Personal information
- Full name: Rosen Petkov Bozhinov
- Date of birth: 23 January 2005 (age 21)
- Place of birth: Knezha, Bulgaria
- Height: 1.93 m (6 ft 4 in)
- Position: Defender

Team information
- Current team: Pisa
- Number: 2

Youth career
- 2011–2016: Miziya Knezha
- 2016–2021: Etar
- 2021–2022: CSKA Sofia

Senior career*
- Years: Team / Apps / (Gls)
- 2022: CSKA Sofia / 2 / (0)
- 2022–2023: CSKA 1948 III / 39 / (3)
- 2022–2024: CSKA 1948 II / 12 / (1)
- 2024: CSKA 1948 / 16 / (0)
- 2024–2025: Young Reds / 6 / (0)
- 2024–2026: Antwerp / 24 / (1)
- 2026–: Pisa / 12 / (0)

International career^{‡}
- 2021–2022: Bulgaria U17 / 3 / (0)
- 2022–2023: Bulgaria U18 / 4 / (0)
- 2022–2024: Bulgaria U19 / 5 / (0)
- 2024: Bulgaria U20 / 1 / (0)
- 2024–: Bulgaria U21 / 5 / (0)
- 2025–: Bulgaria / 5 / (0)

= Rosen Bozhinov =

Bulgarian footballer (born 2005)

Rosen Petkov Bozhinov (Росен Петков Божинов; born 23 January 2005) is a Bulgarian professional footballer who plays as a defender for club Pisa and the Bulgaria national team.

==Club career==
Born in Knezha, he started his youth career in local Miziya Knezha, then moved to Etar, before joining CSKA Sofia in 2021. On 30 April 2022, he made his professional debut for CSKA in a league match against Ludogorets Razgrad.

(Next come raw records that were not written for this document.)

(* Let $\mathcal B=\{B_1,\dots,B_m\}$ be a partition of $n$ jobs with processing times $p_1,\dots,p_n$ into $m$ bags. Then $\mathcal B$ is a $\max\{2,\beta(\mathcal B)\}$-robust partition, where $\beta(\mathcal B)=\frac{\max_{B\in\mathcal B,|B|\ge2}p(B)}{\min_{B\in\mathcal B}p(B)}$.
   Context: Jobs $j\in[n]$ have processing times $p_j\ge0$; for a bag $B\subseteq[n]$, $p(B)=\sum_{j\in B}p_j$. For machines with speeds $s_1,\dots,s_m>0$, processing job $j$ on machine $i$ takes time $p_j/s_i$, and the makespan of an assignment is $\max_i(\text{total processing time on } i)/s_i$; $opt(\mathbf p,\mathbf s)$ denotes the minimum makespan over all assignments of the individual jobs to the machines. A partition $\mathcal B$ of the jobs into $m$ bags is $\gamma$-robust if for every speed vector $\mathbf s=(s_1,\dots,s_m)>0$ there is an assignment of the bags (each bag as a whole) to the $m$ machines with makespan at most $\gamma\cdot opt(\mathbf p,\mathbf s)$. *)

From mathcomp Require Import all_boot all_order all_algebra.
Set Implicit Arguments. Unset Strict Implicit. Unset Printing Implicit Defensive.
Import Order.TTheory GRing.Theory Num.Theory.
Local Open Scope ring_scope.

Section Sched.
Variables (R : realFieldType) (n m : nat).

Definition load (p : 'I_n -> R) (f : 'I_n -> 'I_m) (i : 'I_m) : R :=
  \sum_(j < n | f j == i) p j.

Definition makespan (p : 'I_n -> R) (s : 'I_m -> R) (a : 'I_n -> 'I_m) : R :=
  \big[Num.max/0]_(i < m) (load p a i / s i).

(* a partition into m bags is given by b : jobs -> bags (job j lies in bag b j);
   p(B_k) = load p b k.  An assignment of bags to machines is sigma : bags -> machines;
   each job of bag k then runs on machine sigma k. *)

(* makespan <= gamma * opt, with opt the minimum over all job assignments a *)
Definition robust (p : 'I_n -> R) (b : 'I_n -> 'I_m) (gamma : R) : Prop :=
  forall s : 'I_m -> R, (forall i, 0 < s i) ->
  exists sigma : 'I_m -> 'I_m,
    forall a : 'I_n -> 'I_m,
      makespan p s (fun j => sigma (b j)) <= gamma * makespan p s a.

(* beta(B) = max_{|B|>=2} p(B) / min_B p(B); the empty max is 0.
   The min is taken with neutral element the total processing time, which is an
   upper bound of all p(B), so it is the true minimum whenever m > 0. *)
Definition total (p : 'I_n -> R) : R := \sum_(j < n) p j.

Definition beta (p : 'I_n -> R) (b : 'I_n -> 'I_m) : R :=
  (\big[Num.max/0]_(k < m | (1 < #|[set j | b j == k]|)%N) load p b k)
  / (\big[Num.min/total p]_(k < m) load p b k).

End Sched.

From Pilot Require Import Defs.
From mathcomp Require Import all_boot all_order all_algebra.
From mathcomp Require Import lra.
Import Order.TTheory GRing.Theory Num.Theory.
Local Open Scope ring_scope.

(* Fix the speeds and an optimal job assignment of makespan T, so that
   machine i has capacity C_i = T s_i.  Place the bags one by one in order of
   non-increasing p(B), each on a machine whose load then stays within gamma C_i,
   where gamma = max(2, beta).  Suppose the next bag x fits nowhere.  If some
   bag with at least two jobs is at least as large as x, then p(x) <= beta p(B)
   for every bag B, and summing the violated inequalities over all machines
   contradicts gamma >= 2.  Otherwise the bags at least as large as x are
   single jobs; these carry more weight than the bags already placed, so in the
   optimal assignment some machine i holds more of their weight than the greedy
   load L_i, hence holds one of them, so C_i >= p(x) and
   L_i + p(x) < 2 C_i <= gamma C_i. *)

Section SumWitness.
Context {R : realDomainType}.

Lemma exists_lt_of_sum_lt {I : finType} (F G : I -> R) :
  \sum_i F i < \sum_i G i -> exists i, F i < G i.
Proof.
move=> lt_sum; have [i lt_i|ge_all] := pickP (fun i => F i < G i).
  by exists i.
by move: lt_sum; rewrite ltNge ler_sum // => i _; rewrite leNgt ge_all.
Qed.

Lemma exists_le_of_sum_le {I : finType} (i0 : I) (F G : I -> R) :
  \sum_i F i <= \sum_i G i -> exists i, F i <= G i.
Proof.
move=> le_sum; have [i le_i|gt_all] := pickP (fun i => F i <= G i).
  by exists i.
suff : \sum_i G i < \sum_i F i by rewrite ltNge le_sum.
apply: ltr_sum => [|i _]; first by apply/hasP; exists i0; rewrite ?mem_index_enum.
by rewrite ltNge gt_all.
Qed.

End SumWitness.

Section Loads.
Context {R : realFieldType} {n m : nat} (p : 'I_n -> R).

Lemma load_ge0 (f : 'I_n -> 'I_m) i : (forall j, 0 <= p j) -> 0 <= load p f i.
Proof. by move=> p_ge0; apply: sumr_ge0. Qed.

Lemma sum_load (f : 'I_n -> 'I_m) : \sum_i load p f i = Defs.total p.
Proof. by rewrite /Defs.total (partition_big f xpredT). Qed.

Lemma load_comp m' (f : 'I_n -> 'I_m) (g : 'I_m -> 'I_m') i :
  load p (fun j => g (f j)) i = \sum_(k | g k == i) load p f k.
Proof.
rewrite /load (partition_big f (fun k => g k == i)) => [|j /eqP //].
apply: eq_bigr => k /eqP gk; apply: eq_bigl => j.
by have [->|] := eqVneq (f j) k; rewrite ?gk ?eqxx ?andbF.
Qed.

Variable s : 'I_m -> R.

Lemma makespan_ge0 (a : 'I_n -> 'I_m) : 0 <= makespan p s a.
Proof. exact: bigmax_ge_id. Qed.

Lemma optimal_assignment_exists (a1 : 'I_n -> 'I_m) :
  exists a0 : 'I_n -> 'I_m, forall a, makespan p s a0 <= makespan p s a.
Proof.
pose F (f : {ffun 'I_n -> 'I_m}) := makespan p s f.
have [a0 _ a0_min] := @arg_minP _ _ _ [ffun j => a1 j] xpredT F isT.
exists a0 => a; have := a0_min [ffun j => a j] isT.
rewrite /F /makespan /load.
by under [X in _ <= X]eq_bigr do under eq_bigl do rewrite ffunE.
Qed.

Hypothesis s_gt0 : forall i, 0 < s i.

Lemma load_le_makespan (a : 'I_n -> 'I_m) i : load p a i <= makespan p s a * s i.
Proof.
by rewrite -ler_pdivrMr //; apply: (le_bigmax _ (fun i => load p a i / s i)).
Qed.

Lemma makespan_le (a : 'I_n -> 'I_m) c :
  0 <= c -> (forall i, load p a i <= c * s i) -> makespan p s a <= c.
Proof. by move=> c_ge0 le_c; apply: bigmax_le => // i _; rewrite ler_pdivrMr. Qed.

End Loads.

Section Greedy.
Context {R : realFieldType} {n m : nat} {p : 'I_n -> R} {b : 'I_n -> 'I_m}.
Hypothesis p_ge0 : forall j, 0 <= p j.
Hypothesis bag_gt0 : forall k, 0 < load p b k.
Context {gamma : R}.
Hypotheses (two_le_gamma : 2 <= gamma) (beta_le_gamma : beta p b <= gamma).

Local Notation q := (load p b).
Local Notation big_bag k := (1 < #|[set j | b j == k]|)%N.

Let gamma_ge0 : 0 <= gamma. Proof. exact: le_trans two_le_gamma. Qed.

Lemma load_small_bag j : ~~ big_bag (b j) -> q (b j) = p j.
Proof.
apply: contraNeq; rewrite /load (bigD1 j) //= -subr_eq0 addrC addrK.
move=> /eqP /(psumr_neq0P (fun i _ => p_ge0 i)) [j' /andP[/andP[bj' j'j] _]].
have : [set j; j'] \subset [set i | b i == b j].
  by apply/subsetP => i; rewrite !inE => /orP[] /eqP ->; rewrite ?eqxx.
by move/subset_leq_card; rewrite cards2 eq_sym j'j.
Qed.

Lemma big_bag_le k0 k : big_bag k0 -> q k0 <= gamma * q k.
Proof.
move=> big_k0.
set M := \big[Num.max/0]_(k | big_bag k) q k.
set mn := \big[Num.min/Defs.total p]_k q k.
have mn_gt0 : 0 < mn.
  apply: lt_bigmin => [|i _]; last exact: bag_gt0.
  rewrite -(sum_load p b) (bigD1 k) //= ltr_wpDr ?bag_gt0 //.
  by apply: sumr_ge0 => i _; apply: ltW.
have M_eq : M = beta p b * mn by rewrite /beta -/M -/mn divfK ?gt_eqF.
have : q k0 <= M by apply: (le_bigmax_cond _ (fun k => q k)).
rewrite M_eq => /le_trans; apply; apply: (le_trans (y := gamma * mn)).
  by rewrite ler_pM2r.
by apply: ler_wpM2l => //; apply: bigmin_le.
Qed.

Context {a : 'I_n -> 'I_m} {C : 'I_m -> R}.
Hypothesis load_le_cap : forall i, load p a i <= C i.

Let cap_ge0 i : 0 <= C i.
Proof. exact: le_trans (load_ge0 p a i p_ge0) (load_le_cap i). Qed.

Lemma sum_partial_load (S : {set 'I_m}) (sg : 'I_m -> 'I_m) :
  \sum_i \sum_(k in S | sg k == i) q k = \sum_(k in S) q k.
Proof. by rewrite [RHS](partition_big sg xpredT). Qed.

Lemma fit_below_big_bag (S : {set 'I_m}) sg x k0 :
  (forall k, k \in S -> q x <= q k) -> big_bag k0 -> q x <= q k0 ->
  exists i, \sum_(k in S | sg k == i) q k + q x <= gamma * C i.
Proof.
move=> x_le_S big_k0 x_le_k0.
have x_le k : q x <= gamma * q k := le_trans x_le_k0 (big_bag_le k0 k big_k0).
suff /(exists_le_of_sum_le x) [i fit_i] :
    \sum_i (\sum_(k in S | sg k == i) q k + q x) <= \sum_i gamma * C i.
  by exists i.
rewrite big_split /= sum_partial_load.
have le_S : \sum_(k in S) q x <= \sum_(k in S) q k by apply: ler_sum.
have le_notS : \sum_(k | k \notin S) q x <= gamma * \sum_(k | k \notin S) q k.
  by rewrite mulr_sumr; apply: ler_sum.
have le_cap : gamma * \sum_k q k <= \sum_i gamma * C i.
  by rewrite -mulr_sumr sum_load -(sum_load p a) ler_wpM2l // ler_sum.
have le_2S : 2 * \sum_(k in S) q k <= gamma * \sum_(k in S) q k.
  by apply: ler_wpM2r => //; apply: sumr_ge0 => k _; apply: ltW.
move: le_cap; rewrite !(bigID (mem S) xpredT) /=.
lra.
Qed.

Lemma fit_among_small_bags (S : {set 'I_m}) sg x :
  x \notin S -> (forall k, k \in S -> q x <= q k) ->
  (forall k, q x <= q k -> ~~ big_bag k) ->
  exists i, \sum_(k in S | sg k == i) q k + q x <= gamma * C i.
Proof.
move=> xS x_le_S small.
pose large j := q x <= q (b j).
pose pL j := if large j then p j else 0.
have loadL_bag k : load pL b k = if q x <= q k then q k else 0.
  rewrite /load; case: ifP => x_le_k.
    by apply: eq_bigr => j /eqP bj; rewrite /pL /large bj x_le_k.
  by apply: big1 => j /eqP bj; rewrite /pL /large bj x_le_k.
have sum_loadL : q x + \sum_(k in S) q k <= \sum_i load pL a i.
  rewrite sum_load -(sum_load pL b) -big_setU1 //= big_mkcond /=.
  apply: ler_sum => k _; rewrite loadL_bag in_setU1.
  have [->|_ /=] := eqVneq k x; first by rewrite lexx.
  case: (boolP (k \in S)) => [/x_le_S -> //|_].
  by case: ifP => _; [apply: ltW|].
have /exists_lt_of_sum_lt [i lt_i] :
    \sum_i \sum_(k in S | sg k == i) q k < \sum_i load pL a i.
  by rewrite sum_partial_load; have := bag_gt0 x; lra.
exists i.
have /existsP[j /andP[/eqP aj large_j]] : [exists j, (a j == i) && large j].
  apply: contraTT lt_i => /existsPn none; rewrite -leNgt.
  have -> : load pL a i = 0.
    apply: big1 => j aj; rewrite /pL.
    by have := none j; rewrite aj /= => /negbTE ->.
  by apply: sumr_ge0 => k _; apply: ltW.
have x_le_pj : q x <= p j by rewrite -load_small_bag ?small.
have pj_le : p j <= load p a i.
  by rewrite /load (bigD1 j) ?aj //= lerDl sumr_ge0.
have loadL_le : load pL a i <= load p a i.
  by apply: ler_sum => j' _; rewrite /pL; case: ifP.
have le_2C : 2 * C i <= gamma * C i by apply: ler_wpM2r.
have := load_le_cap i; lra.
Qed.

Lemma fit_next_bag (S : {set 'I_m}) sg x :
  x \notin S -> (forall k, k \in S -> q x <= q k) ->
  exists i, \sum_(k in S | sg k == i) q k + q x <= gamma * C i.
Proof.
move=> xS x_le_S.
have [/existsP[k0 /andP[big_k0 x_le_k0]]|/existsPn small] :=
  boolP [exists k0, big_bag k0 && (q x <= q k0)].
  exact: fit_below_big_bag big_k0 x_le_k0.
apply: fit_among_small_bags => // k x_le_k.
by have := small k; rewrite x_le_k andbT.
Qed.

Lemma partial_assignment_exists (S : {set 'I_m}) :
  exists sg : 'I_m -> 'I_m,
    forall i, \sum_(k in S | sg k == i) q k <= gamma * C i.
Proof.
have [N] := ubnP #|S|; elim: N S => // N IH S ltSN.
have [->|[x0 x0S]] := set_0Vmem S.
  exists id => i; rewrite big_pred0 => [|k]; last by rewrite inE.
  exact: mulr_ge0.
have [x xS x_min] := arg_minP q x0S; have {}xS : x \in S := xS.
have xS' : x \notin S :\ x by rewrite setD11.
have [sg fit_sg] : exists sg : 'I_m -> 'I_m,
    forall i, \sum_(k in S :\ x | sg k == i) q k <= gamma * C i.
  by apply: IH; rewrite (cardsD1 x S) xS in ltSN.
have [i0 fit_x] :
    exists i0, \sum_(k in S :\ x | sg k == i0) q k + q x <= gamma * C i0.
  by apply: fit_next_bag => // k; rewrite in_setD1 => /andP[_ /x_min].
exists (fun k => if k == x then i0 else sg k) => i.
rewrite -(setD1K xS) big_mkcondr big_setU1 //= eqxx.
rewrite (eq_bigr (fun k => if sg k == i then q k else 0)) => [|k]; last first.
  by rewrite in_setD1 => /andP[/negbTE ->].
rewrite -big_mkcondr; case: eqP => [<-|_]; first by rewrite addrC.
by rewrite add0r.
Qed.

Lemma greedy_bag_assignment :
  exists sg : 'I_m -> 'I_m, forall i, \sum_(k | sg k == i) q k <= gamma * C i.
Proof.
have [sg fit_sg] := partial_assignment_exists setT.
by exists sg => i; have := fit_sg i; under eq_bigl do rewrite in_setT.
Qed.

End Greedy.

Theorem lemma2 (R : realFieldType) (n m : nat) (p : 'I_n -> R) (b : 'I_n -> 'I_m) :
  (forall j, 0 <= p j) ->
  (forall k : 'I_m, 0 < load p b k) ->
  robust p b (Num.max 2 (beta p b)).
Proof.
move=> p_ge0 bag_gt0 s s_gt0.
set gamma := Num.max 2 (beta p b).
have gamma_ge2 : 2 <= gamma by rewrite le_max lexx.
have beta_le_gamma : beta p b <= gamma by rewrite le_max lexx orbT.
have [a0 a0_opt] := optimal_assignment_exists p s b.
have [sg fit_sg] := greedy_bag_assignment p_ge0 bag_gt0 gamma_ge2 beta_le_gamma
  (load_le_makespan p s s_gt0 a0).
have gamma_ge0 : 0 <= gamma by apply: le_trans gamma_ge2.
exists sg => a; apply: (le_trans (y := gamma * makespan p s a0)).
  apply: makespan_le => // [|i]; first by rewrite mulr_ge0 ?makespan_ge0.
  by rewrite load_comp -mulrA.
by apply: ler_wpM2l.
Qed.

On 17 June 2022, he left CSKA Sofia to join CSKA 1948. In January 2024, he underwent a trial at Polish club Śląsk Wrocław, but returned to his parent club after two weeks. On 16 February 2024, he re-signed with CSKA 1948. Two days later, he completed his professional debut for the team in a league match against Etar.

On 21 June 2024, Bozhinov joined Belgium club Antwerp, signing a contract until June 2028. He was given his first-team debut at Antwerp by coach Jonas De Roeck, coming on as substitute against Cercle Brugge on 6 October 2024.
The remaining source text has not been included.